Determine how many lines below contain the string "action" and give that number without anything else.

Stored data entries:

--- START ---

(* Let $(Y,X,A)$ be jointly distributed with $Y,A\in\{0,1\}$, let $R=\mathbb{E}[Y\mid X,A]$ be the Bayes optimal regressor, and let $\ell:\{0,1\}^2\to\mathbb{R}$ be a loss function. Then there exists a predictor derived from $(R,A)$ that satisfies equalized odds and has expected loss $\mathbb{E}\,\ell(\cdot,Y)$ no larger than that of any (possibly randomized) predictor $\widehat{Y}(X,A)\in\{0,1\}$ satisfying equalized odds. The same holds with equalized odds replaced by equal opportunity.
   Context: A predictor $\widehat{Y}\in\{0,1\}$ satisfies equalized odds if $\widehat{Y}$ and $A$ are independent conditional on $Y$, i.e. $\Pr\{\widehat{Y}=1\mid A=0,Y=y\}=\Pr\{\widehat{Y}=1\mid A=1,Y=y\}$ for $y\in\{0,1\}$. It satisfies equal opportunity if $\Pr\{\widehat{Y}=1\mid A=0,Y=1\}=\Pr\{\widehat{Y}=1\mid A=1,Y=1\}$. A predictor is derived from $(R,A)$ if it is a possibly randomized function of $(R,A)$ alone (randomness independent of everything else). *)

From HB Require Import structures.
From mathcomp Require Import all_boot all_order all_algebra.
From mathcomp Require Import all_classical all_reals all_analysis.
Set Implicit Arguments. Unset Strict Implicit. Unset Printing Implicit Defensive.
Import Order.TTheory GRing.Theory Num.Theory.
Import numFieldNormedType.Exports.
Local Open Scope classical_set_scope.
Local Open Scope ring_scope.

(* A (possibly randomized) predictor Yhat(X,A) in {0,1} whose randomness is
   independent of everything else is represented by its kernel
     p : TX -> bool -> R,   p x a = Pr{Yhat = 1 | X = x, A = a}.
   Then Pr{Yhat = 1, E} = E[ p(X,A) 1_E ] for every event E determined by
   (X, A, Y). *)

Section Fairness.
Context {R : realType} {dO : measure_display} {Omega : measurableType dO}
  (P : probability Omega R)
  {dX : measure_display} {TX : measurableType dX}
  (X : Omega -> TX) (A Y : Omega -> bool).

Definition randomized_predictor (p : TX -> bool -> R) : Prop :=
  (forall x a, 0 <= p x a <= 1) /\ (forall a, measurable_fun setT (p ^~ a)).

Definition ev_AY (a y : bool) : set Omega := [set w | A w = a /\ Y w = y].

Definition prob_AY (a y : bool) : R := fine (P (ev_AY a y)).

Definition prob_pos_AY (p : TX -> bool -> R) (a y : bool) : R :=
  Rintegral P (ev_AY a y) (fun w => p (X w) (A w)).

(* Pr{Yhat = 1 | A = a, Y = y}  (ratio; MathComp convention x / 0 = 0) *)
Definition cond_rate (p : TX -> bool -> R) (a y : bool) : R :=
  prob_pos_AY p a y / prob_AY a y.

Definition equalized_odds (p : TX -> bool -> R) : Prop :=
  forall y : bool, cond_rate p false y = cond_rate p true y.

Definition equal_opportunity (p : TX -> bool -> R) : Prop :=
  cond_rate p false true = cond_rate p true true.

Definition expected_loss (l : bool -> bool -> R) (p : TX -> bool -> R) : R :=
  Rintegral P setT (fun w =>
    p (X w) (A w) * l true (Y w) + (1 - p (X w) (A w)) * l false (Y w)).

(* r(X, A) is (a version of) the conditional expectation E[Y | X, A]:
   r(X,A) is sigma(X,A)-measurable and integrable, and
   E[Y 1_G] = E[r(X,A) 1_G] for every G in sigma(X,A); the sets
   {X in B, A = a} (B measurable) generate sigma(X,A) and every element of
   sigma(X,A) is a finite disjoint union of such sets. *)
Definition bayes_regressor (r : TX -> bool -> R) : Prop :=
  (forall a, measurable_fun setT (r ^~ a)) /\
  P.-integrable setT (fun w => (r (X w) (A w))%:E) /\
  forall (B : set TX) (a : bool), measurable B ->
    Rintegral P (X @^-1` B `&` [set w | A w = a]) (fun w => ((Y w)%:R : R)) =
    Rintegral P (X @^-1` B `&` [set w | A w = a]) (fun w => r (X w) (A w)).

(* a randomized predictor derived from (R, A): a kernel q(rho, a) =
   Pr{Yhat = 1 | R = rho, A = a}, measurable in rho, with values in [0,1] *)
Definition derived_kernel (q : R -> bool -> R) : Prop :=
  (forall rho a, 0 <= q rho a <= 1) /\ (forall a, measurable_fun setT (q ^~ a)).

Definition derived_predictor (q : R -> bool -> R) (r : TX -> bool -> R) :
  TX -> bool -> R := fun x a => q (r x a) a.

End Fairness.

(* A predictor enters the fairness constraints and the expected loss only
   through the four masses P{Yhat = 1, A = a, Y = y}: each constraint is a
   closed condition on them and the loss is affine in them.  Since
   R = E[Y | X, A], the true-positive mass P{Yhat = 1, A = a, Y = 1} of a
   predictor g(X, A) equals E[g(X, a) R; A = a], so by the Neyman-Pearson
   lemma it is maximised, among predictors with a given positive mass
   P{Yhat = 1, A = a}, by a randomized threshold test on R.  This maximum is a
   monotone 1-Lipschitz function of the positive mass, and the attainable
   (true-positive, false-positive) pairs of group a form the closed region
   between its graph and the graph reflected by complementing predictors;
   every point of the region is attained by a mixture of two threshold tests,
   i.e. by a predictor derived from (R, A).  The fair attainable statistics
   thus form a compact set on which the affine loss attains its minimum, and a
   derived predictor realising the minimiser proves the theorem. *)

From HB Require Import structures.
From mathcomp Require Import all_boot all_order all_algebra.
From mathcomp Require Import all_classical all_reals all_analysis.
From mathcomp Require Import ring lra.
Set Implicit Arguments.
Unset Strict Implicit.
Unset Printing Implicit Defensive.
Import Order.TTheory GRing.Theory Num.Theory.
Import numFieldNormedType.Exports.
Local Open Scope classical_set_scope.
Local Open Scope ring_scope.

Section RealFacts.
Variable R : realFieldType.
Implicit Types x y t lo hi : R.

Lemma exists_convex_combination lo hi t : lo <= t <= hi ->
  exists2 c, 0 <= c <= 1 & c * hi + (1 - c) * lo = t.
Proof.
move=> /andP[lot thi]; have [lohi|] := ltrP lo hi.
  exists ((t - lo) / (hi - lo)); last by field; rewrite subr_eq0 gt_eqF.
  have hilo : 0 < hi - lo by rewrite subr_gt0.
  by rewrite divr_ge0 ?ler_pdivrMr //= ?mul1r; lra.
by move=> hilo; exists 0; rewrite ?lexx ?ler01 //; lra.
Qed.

--- END ---
--- START ---

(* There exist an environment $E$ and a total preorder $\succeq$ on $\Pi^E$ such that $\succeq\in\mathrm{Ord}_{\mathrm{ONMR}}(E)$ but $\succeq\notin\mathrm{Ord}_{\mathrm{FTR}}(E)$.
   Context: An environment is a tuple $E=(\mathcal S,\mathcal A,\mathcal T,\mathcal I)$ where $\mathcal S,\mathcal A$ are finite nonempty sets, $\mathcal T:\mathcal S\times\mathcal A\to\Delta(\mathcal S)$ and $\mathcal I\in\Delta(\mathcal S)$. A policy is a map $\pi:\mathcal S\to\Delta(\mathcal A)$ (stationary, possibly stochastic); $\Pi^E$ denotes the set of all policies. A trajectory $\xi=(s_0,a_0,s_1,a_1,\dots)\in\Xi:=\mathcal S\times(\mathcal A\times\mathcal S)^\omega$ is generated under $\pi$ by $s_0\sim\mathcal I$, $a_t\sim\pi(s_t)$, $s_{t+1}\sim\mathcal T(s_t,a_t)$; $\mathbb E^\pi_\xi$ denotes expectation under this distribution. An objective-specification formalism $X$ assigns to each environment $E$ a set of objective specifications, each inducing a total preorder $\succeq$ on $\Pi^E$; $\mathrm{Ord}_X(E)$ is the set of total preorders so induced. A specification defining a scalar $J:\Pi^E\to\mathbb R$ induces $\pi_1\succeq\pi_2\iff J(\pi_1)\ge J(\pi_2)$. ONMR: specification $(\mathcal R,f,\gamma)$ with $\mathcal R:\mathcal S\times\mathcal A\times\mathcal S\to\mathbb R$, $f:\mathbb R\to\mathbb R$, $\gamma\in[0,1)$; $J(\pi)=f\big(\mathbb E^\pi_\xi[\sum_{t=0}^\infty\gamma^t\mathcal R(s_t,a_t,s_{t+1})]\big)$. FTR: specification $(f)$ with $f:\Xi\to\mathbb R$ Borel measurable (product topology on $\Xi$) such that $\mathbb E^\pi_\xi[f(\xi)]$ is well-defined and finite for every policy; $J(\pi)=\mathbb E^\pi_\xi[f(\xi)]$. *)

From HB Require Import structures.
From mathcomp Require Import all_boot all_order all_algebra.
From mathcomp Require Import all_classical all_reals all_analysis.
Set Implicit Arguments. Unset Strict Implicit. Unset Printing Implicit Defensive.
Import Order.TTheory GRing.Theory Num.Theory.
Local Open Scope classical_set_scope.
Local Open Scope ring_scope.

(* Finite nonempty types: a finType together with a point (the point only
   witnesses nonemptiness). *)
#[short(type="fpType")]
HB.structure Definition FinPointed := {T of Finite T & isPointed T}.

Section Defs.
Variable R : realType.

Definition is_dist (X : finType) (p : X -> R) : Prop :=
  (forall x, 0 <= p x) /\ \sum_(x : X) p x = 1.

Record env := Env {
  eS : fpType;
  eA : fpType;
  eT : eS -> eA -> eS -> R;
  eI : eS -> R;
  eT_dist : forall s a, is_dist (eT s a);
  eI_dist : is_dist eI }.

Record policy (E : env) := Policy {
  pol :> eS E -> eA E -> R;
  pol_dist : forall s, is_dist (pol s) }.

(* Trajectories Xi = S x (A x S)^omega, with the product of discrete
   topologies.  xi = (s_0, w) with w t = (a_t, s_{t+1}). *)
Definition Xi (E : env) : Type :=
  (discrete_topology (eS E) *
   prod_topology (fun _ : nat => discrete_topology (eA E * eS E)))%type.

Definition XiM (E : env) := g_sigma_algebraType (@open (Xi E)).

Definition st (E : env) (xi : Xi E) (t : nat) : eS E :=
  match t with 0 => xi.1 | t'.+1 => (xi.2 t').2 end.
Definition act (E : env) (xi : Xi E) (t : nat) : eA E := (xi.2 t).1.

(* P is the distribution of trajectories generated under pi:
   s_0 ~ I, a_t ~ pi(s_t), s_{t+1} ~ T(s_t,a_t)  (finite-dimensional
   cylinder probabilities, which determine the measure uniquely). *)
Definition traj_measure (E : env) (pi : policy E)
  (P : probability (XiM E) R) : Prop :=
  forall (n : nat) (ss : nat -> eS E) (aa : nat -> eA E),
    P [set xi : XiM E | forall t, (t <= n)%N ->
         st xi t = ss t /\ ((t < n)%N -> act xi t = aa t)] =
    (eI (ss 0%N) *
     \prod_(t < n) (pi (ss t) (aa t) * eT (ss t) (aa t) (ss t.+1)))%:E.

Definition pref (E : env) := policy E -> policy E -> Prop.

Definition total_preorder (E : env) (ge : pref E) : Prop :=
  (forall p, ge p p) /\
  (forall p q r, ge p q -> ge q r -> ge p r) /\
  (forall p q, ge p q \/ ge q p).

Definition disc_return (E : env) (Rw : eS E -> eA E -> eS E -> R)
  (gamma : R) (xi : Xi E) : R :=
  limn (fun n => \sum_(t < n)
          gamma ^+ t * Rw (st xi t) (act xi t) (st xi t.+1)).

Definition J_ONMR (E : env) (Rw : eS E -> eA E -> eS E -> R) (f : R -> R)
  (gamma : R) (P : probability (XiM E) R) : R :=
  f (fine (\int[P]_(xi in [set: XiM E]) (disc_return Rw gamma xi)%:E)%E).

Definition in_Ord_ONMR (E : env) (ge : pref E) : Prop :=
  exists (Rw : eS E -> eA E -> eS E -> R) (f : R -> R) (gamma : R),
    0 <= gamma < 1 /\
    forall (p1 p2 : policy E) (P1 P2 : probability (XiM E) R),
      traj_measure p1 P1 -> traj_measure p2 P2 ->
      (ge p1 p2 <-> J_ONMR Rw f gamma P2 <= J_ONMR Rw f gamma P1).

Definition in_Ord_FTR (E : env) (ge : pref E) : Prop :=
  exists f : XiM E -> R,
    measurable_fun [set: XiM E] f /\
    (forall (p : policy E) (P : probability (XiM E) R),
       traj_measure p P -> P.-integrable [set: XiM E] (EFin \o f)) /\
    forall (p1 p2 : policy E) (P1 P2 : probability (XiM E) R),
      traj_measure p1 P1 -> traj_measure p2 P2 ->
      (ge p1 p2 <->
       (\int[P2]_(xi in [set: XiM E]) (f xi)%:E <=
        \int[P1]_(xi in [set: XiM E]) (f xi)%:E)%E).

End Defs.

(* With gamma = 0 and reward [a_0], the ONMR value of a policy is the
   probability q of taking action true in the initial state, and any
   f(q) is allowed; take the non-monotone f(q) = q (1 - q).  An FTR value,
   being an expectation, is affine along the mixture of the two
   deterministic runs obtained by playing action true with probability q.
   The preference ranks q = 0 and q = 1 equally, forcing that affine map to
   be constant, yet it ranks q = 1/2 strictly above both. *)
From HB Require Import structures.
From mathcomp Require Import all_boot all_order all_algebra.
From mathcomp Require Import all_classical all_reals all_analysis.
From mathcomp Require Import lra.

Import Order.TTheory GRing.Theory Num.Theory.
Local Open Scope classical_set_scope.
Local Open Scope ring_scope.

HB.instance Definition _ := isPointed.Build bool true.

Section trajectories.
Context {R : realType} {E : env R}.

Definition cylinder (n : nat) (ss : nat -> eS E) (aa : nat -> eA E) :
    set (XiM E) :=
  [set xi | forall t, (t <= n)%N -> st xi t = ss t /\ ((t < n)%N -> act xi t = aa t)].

--- END ---
--- START ---

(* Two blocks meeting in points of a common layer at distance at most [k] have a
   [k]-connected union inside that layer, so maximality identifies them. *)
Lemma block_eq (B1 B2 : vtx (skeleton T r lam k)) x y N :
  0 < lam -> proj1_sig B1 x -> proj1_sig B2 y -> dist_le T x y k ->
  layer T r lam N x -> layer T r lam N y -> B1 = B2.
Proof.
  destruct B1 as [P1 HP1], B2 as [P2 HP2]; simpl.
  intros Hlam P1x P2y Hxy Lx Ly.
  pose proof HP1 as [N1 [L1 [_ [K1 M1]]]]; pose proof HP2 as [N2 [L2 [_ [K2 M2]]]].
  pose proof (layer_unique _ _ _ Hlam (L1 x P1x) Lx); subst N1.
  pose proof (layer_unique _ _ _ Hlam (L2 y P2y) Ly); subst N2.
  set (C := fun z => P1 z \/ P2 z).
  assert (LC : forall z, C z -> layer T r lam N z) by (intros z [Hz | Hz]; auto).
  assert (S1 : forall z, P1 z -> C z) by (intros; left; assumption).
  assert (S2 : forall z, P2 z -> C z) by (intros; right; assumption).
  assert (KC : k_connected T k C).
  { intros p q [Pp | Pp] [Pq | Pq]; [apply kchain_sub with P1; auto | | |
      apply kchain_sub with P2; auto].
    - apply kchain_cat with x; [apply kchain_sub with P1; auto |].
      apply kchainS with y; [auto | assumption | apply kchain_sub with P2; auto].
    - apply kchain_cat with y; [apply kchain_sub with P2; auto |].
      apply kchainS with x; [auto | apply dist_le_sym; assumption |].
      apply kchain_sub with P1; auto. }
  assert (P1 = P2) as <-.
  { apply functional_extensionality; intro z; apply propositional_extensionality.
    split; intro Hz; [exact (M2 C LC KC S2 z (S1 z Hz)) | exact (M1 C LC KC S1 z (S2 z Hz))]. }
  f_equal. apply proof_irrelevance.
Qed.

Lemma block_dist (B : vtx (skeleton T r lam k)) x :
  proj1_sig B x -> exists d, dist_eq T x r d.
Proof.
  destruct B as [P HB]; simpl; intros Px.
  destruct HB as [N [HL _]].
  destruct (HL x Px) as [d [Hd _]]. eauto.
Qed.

--- END ---

Task response:
2